L’allergie à Bart De Wever secoue l’opinion francophone: et si c’était le compromis qui était le chaos ?

Symptôme: dimanche 5 septembre 2010, avant les élections, des journaux francophones jugeaient encore bon pour leurs ventes de distribuer d’antiséparatistes autocollants tricolores. Aujourd’hui, presque trois mois après les élections, le principal groupe de presse wallon lance une opération ”Osons!”, estimant que les francophones ne “ doivent pas avoir peur de prendre leur destin en main“.

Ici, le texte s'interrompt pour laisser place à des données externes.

Lemma obs_reach_step X a Y :
  obs_reach tr Q0 X -> obs_step tr X a Y -> obs_reach tr Q0 Y.
Proof. by move=> HX HXY; apply: connect_trans HX (connect1 _); apply/existsP; exists a. Qed.

Lemma obs_reach_d_init : obs_reach_d tr Q0 QS (obs_init tr Q0) = obs_ok QS (obs_init tr Q0).
Proof. by rewrite /obs_reach_d connect0 andbT; case: obs_ok. Qed.

Lemma obs_reach_d_stepE X a Y :
  obs_reach_d tr Q0 QS X -> obs_step tr X a Y -> obs_reach_d tr Q0 QS Y = obs_ok QS Y.
Proof.
case/and3P=> ok0 okX HX HXY; apply/idP/idP; first by case/and3P.
move=> okY; rewrite /obs_reach_d ok0 okY; apply: connect_trans HX (connect1 _).
by rewrite /obs_step_d okX okY; apply/existsP; exists a.
Qed.

End Reachability.

Section ObserverMap.
Variables (Sigma Q Q' : finType).
Variables (tr : Q -> option Sigma -> Q -> bool) (tr' : Q' -> option Sigma -> Q' -> bool).
Variables (Q0 : {set Q}) (Q0' : {set Q'}) (f : {set Q} -> {set Q'}).
Hypothesis f_init : obs_init tr' Q0' = f (obs_init tr Q0).
Hypothesis f_UR_post :
  forall B a, UR tr' (post tr' (f (UR tr B)) a) = f (UR tr (post tr (UR tr B) a)).
Hypothesis f_eq0 : forall X, (f X == set0) = (X == set0).

(* [det] and [det_d] are, up to conversion, [obs_lts] for [obs_reach] and
   [obs_reach_d]. *)
Definition obs_lts (Q1 : finType) (tr1 : Q1 -> option Sigma -> Q1 -> bool)
    (I : {set Q1}) (P : pred {set Q1}) : lts Sigma :=
  @Lts Sigma {X | P X} (fun X => val X = obs_init tr1 I)
       (fun X a Y => obs_step tr1 (val X) a (val Y)).

Lemma f_UR_post_closed X a :
  UR tr X = X -> UR tr' (post tr' (f X) a) = f (UR tr (post tr X a)).
Proof. by move=> HX; rewrite -HX f_UR_post. Qed.

Lemma obs_step_map X a Y :
  UR tr X = X -> obs_step tr X a Y -> obs_step tr' (f X) a (f Y).
Proof. by move=> HX /andP [/eqP -> HY]; rewrite /obs_step f_UR_post_closed // eqxx f_eq0. Qed.

Lemma obs_step_map_inv X a Y' :
  UR tr X = X -> obs_step tr' (f X) a Y' -> exists2 Y, obs_step tr X a Y & Y' = f Y.
Proof.
move=> HX /andP [/eqP ->]; rewrite f_UR_post_closed // f_eq0 => HY.
by exists (UR tr (post tr X a)); rewrite // /obs_step eqxx.
Qed.

Lemma bisimilar_obs_lts (P : pred {set Q}) (P' : pred {set Q'}) :
  P' (obs_init tr' Q0') = P (obs_init tr Q0) ->
  (forall X a Y, UR tr X = X -> P X -> P' (f X) -> obs_step tr X a Y ->
     P' (f Y) = P Y) ->
  bisimilar (obs_lts tr Q0 P) (obs_lts tr' Q0' P').
Proof.
rewrite /obs_lts => P_init P_step.
have init_UR : UR tr (obs_init tr Q0) = obs_init tr Q0 by rewrite UR_id.
exists (fun p1 p2 => val p2 = f (val p1) /\ UR tr (val p1) = val p1).
split; [|split; [|split]].
- case=> X HX /= EX; have HX' : P' (obs_init tr' Q0') by rewrite P_init -EX.
  by exists (exist _ (obs_init tr' Q0') HX') => //=; rewrite EX f_init.
- case=> X' HX' /= EX'; have HX : P (obs_init tr Q0) by rewrite -P_init -EX'.
  by exists (exist _ (obs_init tr Q0) HX) => //=; rewrite EX' f_init.
- case=> X HX [X' HX'] a [Y HY] /= [EX' UX] HXY; subst X'.
  have HfY : P' (f Y) by rewrite (P_step X a).
  exists (exist _ (f Y) HfY); last by split; last exact: obs_step_UR HXY.
  exact: obs_step_map.
- case=> X HX [X' HX'] a [Y' HY'] /= [EX' UX]; subst X'.
  case/obs_step_map_inv=> [//|Y HXY EY'].
  have HY : P Y by rewrite -(P_step X a) // -EY'.
  by exists (exist _ Y HY) => //=; split; last exact: obs_step_UR HXY.
Qed.

End ObserverMap.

C’est que les marketeurs des medias ont parfois plus de “nez” que les politiques qui, je le dis souvent, feraient bien parfois de troquer leurs porte-parole contre des porte-oreille. Plus de flair que l’armada de politologues plus ou moins galonnés qui envahit aujourd’hui l’espace médiatique un peu à l’instar du déluge de spécialistes militaires plus ou moins informés lors des si audiovisuelles Guerres du Golfe. Car quelque chose d’encore flouté mais de tout à fait neuf est en train de s’installer subitement dans l’opinion commune: un curieux cocktail freudien de ras-le-bol, de résignation et de fierté.

Qui tient en une phrase du genre: “ Cela n’en finira donc jamais: si les flamands veulent s’en aller, eh bien qu’ils partent, ce sera plus clair et on se débrouillera bien sans eux, peut-être même finalement mieux …

On ne parle évidemment pas ici du discours récurrent des militants du Rassemblement Wallonie-France, ni de l’avis des hurluberlus qui squattent les forums des journaux, ni même des soudains et donc révélateurs virages sur l’aile de certains billetistes francophones…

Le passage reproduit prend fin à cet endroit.